■ **RECORDS SUPPLIED**
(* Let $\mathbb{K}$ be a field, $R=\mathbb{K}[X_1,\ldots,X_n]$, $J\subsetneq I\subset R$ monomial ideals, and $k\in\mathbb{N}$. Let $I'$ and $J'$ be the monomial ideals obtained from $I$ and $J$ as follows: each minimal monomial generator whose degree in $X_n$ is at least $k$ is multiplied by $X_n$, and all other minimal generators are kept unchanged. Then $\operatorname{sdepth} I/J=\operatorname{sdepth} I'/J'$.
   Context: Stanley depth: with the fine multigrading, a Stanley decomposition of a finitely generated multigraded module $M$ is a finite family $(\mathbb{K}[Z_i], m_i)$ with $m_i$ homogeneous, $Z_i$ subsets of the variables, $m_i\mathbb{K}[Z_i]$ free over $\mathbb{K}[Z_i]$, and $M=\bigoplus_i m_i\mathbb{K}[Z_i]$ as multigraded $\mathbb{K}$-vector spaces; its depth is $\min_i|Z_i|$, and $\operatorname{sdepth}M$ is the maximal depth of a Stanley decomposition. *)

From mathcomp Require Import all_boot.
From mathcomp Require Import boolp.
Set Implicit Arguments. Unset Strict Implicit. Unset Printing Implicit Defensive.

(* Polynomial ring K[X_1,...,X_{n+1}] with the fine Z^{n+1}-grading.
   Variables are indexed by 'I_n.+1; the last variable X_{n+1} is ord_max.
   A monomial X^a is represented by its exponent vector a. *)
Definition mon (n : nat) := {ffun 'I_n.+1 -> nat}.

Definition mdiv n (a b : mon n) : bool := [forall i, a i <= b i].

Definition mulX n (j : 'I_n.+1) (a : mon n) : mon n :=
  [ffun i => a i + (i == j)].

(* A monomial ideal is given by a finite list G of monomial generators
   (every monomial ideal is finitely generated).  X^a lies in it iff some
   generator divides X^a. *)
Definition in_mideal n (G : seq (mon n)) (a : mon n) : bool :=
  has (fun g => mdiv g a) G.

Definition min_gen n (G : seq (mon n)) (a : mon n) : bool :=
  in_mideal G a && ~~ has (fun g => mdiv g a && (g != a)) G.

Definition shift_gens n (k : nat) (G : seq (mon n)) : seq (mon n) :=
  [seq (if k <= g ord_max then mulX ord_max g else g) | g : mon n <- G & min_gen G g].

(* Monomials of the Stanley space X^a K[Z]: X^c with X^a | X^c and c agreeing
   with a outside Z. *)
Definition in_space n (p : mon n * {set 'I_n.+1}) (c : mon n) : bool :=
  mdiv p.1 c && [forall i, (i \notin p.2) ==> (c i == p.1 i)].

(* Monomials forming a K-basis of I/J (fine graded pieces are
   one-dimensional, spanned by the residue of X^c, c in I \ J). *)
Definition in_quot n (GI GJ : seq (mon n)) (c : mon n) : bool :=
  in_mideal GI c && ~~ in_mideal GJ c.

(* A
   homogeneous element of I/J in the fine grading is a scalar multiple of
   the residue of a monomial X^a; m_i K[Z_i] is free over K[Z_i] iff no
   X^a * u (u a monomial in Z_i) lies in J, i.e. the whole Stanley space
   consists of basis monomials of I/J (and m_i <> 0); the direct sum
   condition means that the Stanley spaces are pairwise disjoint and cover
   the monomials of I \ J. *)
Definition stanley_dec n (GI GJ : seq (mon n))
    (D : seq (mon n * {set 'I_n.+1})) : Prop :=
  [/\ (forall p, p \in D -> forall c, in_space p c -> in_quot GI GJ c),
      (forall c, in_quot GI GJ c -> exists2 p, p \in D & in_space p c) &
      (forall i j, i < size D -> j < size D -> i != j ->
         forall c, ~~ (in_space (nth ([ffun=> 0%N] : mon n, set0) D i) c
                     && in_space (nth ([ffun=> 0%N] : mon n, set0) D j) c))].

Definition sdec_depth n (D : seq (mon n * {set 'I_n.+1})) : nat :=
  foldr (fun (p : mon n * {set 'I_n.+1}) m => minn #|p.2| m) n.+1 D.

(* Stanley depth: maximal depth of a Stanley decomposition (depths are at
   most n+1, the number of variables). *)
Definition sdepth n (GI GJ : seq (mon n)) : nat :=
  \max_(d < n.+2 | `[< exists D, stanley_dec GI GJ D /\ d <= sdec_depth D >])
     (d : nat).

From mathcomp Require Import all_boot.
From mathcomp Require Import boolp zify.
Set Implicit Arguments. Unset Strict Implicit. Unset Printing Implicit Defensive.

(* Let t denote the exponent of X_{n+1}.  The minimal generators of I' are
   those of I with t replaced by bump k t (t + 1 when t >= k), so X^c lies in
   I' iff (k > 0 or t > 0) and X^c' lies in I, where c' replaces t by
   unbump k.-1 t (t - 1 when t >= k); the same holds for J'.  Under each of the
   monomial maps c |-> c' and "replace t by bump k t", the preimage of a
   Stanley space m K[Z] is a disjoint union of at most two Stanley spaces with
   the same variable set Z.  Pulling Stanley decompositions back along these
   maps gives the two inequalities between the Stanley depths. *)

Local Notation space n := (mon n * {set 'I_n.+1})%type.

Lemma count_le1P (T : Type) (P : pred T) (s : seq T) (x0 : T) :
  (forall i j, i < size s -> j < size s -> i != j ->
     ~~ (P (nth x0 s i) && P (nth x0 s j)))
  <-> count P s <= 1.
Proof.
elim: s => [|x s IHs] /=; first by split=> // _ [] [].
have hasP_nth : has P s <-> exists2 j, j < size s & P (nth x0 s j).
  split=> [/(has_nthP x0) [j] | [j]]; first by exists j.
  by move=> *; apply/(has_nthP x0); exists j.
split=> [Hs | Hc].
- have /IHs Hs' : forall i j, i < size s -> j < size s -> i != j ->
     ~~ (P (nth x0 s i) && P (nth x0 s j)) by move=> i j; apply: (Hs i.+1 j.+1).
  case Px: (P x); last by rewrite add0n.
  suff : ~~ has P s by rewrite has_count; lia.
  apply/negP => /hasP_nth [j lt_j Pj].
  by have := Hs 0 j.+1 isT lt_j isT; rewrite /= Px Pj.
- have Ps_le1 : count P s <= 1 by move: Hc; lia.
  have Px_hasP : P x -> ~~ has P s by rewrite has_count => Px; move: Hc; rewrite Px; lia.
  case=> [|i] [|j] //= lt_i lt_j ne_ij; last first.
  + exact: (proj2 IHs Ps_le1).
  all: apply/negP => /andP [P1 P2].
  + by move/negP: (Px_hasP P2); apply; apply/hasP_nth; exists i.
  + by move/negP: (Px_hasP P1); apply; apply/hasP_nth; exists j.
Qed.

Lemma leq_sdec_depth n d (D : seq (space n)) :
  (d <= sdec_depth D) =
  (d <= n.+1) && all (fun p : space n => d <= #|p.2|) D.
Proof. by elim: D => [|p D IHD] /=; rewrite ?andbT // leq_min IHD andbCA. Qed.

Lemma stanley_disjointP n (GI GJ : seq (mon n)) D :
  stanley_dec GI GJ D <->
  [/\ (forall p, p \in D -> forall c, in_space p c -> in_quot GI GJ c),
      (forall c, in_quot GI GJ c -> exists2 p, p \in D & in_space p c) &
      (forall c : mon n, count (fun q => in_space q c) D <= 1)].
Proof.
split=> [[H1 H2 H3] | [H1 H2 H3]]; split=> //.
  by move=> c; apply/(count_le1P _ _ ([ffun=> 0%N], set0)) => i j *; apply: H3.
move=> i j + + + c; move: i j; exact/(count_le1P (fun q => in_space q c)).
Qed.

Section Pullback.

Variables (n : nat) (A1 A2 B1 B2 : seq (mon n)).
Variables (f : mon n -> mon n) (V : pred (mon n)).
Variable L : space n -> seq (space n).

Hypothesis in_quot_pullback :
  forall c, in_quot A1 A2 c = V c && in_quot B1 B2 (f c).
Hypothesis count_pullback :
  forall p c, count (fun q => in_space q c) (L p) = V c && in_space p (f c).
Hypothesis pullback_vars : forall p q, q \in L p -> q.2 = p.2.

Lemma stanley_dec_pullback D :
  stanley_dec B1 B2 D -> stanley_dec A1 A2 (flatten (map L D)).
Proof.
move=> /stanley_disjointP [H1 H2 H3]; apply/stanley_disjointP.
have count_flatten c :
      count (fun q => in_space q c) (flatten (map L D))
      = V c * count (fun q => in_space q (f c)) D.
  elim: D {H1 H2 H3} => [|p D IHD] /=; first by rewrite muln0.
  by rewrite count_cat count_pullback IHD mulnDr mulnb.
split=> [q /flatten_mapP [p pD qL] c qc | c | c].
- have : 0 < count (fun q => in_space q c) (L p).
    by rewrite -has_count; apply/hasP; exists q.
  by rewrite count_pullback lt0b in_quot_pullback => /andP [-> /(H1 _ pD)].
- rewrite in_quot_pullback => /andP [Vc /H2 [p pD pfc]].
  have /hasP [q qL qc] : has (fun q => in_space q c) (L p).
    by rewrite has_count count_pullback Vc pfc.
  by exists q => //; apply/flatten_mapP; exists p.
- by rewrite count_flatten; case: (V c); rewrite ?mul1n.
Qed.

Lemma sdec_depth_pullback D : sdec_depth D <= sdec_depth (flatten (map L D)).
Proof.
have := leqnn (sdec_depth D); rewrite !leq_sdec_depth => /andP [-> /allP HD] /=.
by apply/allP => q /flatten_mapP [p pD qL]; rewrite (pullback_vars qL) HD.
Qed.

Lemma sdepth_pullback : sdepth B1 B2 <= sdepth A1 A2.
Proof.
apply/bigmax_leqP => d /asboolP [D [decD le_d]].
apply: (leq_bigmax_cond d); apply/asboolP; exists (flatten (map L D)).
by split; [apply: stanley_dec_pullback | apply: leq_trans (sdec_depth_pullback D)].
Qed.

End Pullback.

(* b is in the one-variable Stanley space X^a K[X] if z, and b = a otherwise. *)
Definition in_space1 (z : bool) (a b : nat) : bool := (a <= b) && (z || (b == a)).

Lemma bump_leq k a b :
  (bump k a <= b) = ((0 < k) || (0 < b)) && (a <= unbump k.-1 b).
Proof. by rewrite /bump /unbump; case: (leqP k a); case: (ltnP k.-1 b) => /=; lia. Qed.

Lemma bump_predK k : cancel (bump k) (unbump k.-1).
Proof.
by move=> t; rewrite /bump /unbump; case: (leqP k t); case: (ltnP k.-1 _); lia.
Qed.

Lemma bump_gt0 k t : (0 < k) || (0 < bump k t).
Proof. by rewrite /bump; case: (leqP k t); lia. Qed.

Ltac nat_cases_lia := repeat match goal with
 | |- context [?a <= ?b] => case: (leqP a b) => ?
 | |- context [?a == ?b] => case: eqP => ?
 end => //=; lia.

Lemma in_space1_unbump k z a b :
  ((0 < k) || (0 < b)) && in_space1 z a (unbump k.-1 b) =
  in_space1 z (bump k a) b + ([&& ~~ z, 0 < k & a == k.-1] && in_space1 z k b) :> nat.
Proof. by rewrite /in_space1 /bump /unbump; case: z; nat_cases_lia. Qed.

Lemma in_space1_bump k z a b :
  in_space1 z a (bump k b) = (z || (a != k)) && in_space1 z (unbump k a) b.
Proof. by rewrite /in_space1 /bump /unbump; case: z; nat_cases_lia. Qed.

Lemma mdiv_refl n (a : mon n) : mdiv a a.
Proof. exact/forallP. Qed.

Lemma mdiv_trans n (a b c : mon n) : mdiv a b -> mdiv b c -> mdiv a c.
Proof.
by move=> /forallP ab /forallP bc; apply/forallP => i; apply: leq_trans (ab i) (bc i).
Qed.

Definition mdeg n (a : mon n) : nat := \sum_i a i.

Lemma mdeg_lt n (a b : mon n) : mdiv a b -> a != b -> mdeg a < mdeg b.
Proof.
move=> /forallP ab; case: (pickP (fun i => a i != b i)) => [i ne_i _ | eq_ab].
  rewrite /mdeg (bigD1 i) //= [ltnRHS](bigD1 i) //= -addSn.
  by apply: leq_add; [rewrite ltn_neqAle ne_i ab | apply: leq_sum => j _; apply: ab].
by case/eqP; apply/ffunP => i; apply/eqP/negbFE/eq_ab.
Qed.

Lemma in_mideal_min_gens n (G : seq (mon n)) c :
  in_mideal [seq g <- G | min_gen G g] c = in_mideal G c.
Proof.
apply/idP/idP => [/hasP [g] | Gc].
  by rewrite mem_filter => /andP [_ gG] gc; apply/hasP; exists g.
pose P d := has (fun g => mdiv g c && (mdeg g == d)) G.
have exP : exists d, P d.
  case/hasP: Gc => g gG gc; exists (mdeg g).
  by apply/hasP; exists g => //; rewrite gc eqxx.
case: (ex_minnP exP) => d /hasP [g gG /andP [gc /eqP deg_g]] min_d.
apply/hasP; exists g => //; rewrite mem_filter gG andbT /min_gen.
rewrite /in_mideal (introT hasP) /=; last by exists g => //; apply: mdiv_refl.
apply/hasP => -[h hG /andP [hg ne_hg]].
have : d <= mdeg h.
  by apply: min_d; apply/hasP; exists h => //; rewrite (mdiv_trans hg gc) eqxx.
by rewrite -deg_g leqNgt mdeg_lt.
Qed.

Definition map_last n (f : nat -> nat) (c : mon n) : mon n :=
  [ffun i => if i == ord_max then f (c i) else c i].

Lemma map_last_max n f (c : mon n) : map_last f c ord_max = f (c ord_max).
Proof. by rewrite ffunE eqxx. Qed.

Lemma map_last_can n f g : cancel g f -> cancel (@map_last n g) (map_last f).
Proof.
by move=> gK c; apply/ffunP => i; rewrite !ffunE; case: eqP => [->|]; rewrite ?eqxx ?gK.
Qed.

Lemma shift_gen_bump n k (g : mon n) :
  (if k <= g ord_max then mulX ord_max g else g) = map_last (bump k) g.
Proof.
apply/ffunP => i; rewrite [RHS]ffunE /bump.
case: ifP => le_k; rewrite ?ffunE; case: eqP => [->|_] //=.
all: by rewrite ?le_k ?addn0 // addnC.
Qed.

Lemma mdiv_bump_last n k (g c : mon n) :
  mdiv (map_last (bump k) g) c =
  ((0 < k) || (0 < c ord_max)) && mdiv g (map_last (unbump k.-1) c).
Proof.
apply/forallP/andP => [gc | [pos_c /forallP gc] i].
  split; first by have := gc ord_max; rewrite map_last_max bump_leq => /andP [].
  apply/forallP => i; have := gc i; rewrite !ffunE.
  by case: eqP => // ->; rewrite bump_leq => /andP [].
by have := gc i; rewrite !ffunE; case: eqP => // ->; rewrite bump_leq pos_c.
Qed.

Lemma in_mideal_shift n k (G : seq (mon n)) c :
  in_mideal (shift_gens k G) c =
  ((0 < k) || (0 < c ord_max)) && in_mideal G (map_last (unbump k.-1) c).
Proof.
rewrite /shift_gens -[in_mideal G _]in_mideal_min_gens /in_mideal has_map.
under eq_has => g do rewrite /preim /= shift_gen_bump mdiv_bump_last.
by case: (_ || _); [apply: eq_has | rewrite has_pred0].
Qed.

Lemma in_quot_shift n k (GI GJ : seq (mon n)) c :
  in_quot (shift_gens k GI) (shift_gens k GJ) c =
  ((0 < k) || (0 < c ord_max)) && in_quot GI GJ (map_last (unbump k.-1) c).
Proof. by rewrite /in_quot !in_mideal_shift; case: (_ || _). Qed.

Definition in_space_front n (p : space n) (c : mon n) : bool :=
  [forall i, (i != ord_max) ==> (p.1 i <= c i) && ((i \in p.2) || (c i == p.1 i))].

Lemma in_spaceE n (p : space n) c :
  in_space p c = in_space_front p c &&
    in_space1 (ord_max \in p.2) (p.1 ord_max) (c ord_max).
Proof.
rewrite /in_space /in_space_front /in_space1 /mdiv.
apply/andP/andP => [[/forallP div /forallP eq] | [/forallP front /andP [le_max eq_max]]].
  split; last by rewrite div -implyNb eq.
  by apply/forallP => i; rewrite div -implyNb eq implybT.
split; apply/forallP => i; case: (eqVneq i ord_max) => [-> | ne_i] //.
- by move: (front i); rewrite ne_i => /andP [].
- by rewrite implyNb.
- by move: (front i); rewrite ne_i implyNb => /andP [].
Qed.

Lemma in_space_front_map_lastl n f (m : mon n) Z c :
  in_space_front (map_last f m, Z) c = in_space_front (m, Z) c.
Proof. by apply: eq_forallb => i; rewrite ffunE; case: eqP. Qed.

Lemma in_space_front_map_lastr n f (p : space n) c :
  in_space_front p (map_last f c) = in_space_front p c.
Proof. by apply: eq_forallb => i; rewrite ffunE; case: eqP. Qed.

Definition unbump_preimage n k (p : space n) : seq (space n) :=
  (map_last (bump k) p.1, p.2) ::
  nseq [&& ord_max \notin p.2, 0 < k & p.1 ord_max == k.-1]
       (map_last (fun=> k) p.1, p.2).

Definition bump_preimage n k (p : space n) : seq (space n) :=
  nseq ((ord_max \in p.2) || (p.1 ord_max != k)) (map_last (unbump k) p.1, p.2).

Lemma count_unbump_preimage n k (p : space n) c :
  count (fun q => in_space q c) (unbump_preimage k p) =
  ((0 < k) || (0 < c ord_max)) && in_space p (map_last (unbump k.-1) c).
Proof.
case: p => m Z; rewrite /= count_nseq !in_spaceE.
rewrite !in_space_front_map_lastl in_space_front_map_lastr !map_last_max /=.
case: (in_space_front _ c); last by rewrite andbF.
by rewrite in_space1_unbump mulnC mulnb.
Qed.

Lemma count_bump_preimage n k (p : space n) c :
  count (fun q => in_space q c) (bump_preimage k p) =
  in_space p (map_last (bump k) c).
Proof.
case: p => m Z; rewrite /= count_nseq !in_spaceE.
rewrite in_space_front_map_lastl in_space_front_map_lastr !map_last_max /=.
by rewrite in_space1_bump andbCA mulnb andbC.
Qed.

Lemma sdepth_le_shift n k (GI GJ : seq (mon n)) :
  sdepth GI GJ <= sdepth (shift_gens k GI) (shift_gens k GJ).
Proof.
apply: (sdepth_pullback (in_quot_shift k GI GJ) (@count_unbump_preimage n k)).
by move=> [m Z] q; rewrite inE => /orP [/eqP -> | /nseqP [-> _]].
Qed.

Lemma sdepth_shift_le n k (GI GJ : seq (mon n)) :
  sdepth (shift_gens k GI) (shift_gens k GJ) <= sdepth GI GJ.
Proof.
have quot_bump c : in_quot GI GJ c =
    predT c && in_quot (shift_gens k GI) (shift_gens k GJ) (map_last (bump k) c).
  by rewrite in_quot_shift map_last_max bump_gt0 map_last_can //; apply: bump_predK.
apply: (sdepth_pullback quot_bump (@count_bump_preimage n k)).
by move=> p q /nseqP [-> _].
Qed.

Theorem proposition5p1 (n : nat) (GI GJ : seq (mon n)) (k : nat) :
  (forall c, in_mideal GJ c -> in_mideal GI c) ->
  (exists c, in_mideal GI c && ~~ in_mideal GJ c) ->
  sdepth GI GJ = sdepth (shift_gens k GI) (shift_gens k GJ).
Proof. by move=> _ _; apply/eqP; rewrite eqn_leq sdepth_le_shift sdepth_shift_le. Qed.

---

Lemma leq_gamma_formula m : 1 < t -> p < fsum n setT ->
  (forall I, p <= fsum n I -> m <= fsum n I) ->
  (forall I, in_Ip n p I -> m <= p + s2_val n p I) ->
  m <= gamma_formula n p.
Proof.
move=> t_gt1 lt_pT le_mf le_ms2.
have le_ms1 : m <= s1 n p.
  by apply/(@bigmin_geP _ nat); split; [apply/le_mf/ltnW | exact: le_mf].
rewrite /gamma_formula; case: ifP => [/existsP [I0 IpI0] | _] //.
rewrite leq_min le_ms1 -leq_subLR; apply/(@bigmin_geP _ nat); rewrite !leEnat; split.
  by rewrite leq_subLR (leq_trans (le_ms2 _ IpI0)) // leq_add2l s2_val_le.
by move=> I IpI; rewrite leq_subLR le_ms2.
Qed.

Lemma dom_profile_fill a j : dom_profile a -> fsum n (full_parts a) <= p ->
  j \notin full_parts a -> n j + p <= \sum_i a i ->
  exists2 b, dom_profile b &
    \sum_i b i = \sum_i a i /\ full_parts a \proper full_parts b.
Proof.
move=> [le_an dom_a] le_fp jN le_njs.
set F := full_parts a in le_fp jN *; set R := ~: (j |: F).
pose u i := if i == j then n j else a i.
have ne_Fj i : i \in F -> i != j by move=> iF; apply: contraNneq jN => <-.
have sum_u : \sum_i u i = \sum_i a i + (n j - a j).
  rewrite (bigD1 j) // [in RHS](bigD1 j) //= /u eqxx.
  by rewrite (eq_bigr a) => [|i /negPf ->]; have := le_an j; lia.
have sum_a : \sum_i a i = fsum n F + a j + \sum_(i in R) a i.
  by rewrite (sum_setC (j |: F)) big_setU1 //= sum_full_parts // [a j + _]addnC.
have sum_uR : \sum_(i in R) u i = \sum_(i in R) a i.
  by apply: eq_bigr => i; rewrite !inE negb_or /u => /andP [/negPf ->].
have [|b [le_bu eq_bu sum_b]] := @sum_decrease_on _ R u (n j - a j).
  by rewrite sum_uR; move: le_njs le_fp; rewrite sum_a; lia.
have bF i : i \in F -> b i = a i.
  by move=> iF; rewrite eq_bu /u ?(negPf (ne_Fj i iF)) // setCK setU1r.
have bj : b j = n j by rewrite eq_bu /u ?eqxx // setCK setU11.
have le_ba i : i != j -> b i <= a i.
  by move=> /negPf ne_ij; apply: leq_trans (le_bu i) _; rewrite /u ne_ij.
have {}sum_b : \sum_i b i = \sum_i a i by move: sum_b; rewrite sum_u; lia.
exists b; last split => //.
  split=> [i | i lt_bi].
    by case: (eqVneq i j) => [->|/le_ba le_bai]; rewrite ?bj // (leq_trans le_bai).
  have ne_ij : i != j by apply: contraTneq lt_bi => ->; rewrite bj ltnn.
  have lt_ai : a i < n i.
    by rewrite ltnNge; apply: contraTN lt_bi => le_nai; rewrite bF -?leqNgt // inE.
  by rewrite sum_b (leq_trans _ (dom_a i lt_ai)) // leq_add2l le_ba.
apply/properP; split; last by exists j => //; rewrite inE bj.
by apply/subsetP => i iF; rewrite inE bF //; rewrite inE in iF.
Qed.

■ **YOUR OBJECTIVE**
As listed above, the lines from the line with "Definition stanley_dec n" to the line with "Stanley space m" are to be echoed exactly, with both ends included and nothing added.

■ **SOLVED EXERCISE**
Definition stanley_dec n (GI GJ : seq (mon n))
    (D : seq (mon n * {set 'I_n.+1})) : Prop :=
  [/\ (forall p, p \in D -> forall c, in_space p c -> in_quot GI GJ c),
      (forall c, in_quot GI GJ c -> exists2 p, p \in D & in_space p c) &
      (forall i j, i < size D -> j < size D -> i != j ->
         forall c, ~~ (in_space (nth ([ffun=> 0%N] : mon n, set0) D i) c
                     && in_space (nth ([ffun=> 0%N] : mon n, set0) D j) c))].

Definition sdec_depth n (D : seq (mon n * {set 'I_n.+1})) : nat :=
  foldr (fun (p : mon n * {set 'I_n.+1}) m => minn #|p.2| m) n.+1 D.

(* Stanley depth: maximal depth of a Stanley decomposition (depths are at
   most n+1, the number of variables). *)
Definition sdepth n (GI GJ : seq (mon n)) : nat :=
  \max_(d < n.+2 | `[< exists D, stanley_dec GI GJ D /\ d <= sdec_depth D >])
     (d : nat).

From mathcomp Require Import all_boot.
From mathcomp Require Import boolp zify.
Set Implicit Arguments. Unset Strict Implicit. Unset Printing Implicit Defensive.

(* Let t denote the exponent of X_{n+1}.  The minimal generators of I' are
   those of I with t replaced by bump k t (t + 1 when t >= k), so X^c lies in
   I' iff (k > 0 or t > 0) and X^c' lies in I, where c' replaces t by
   unbump k.-1 t (t - 1 when t >= k); the same holds for J'.  Under each of the
   monomial maps c |-> c' and "replace t by bump k t", the preimage of a
   Stanley space m K[Z] is a disjoint union of at most two Stanley spaces with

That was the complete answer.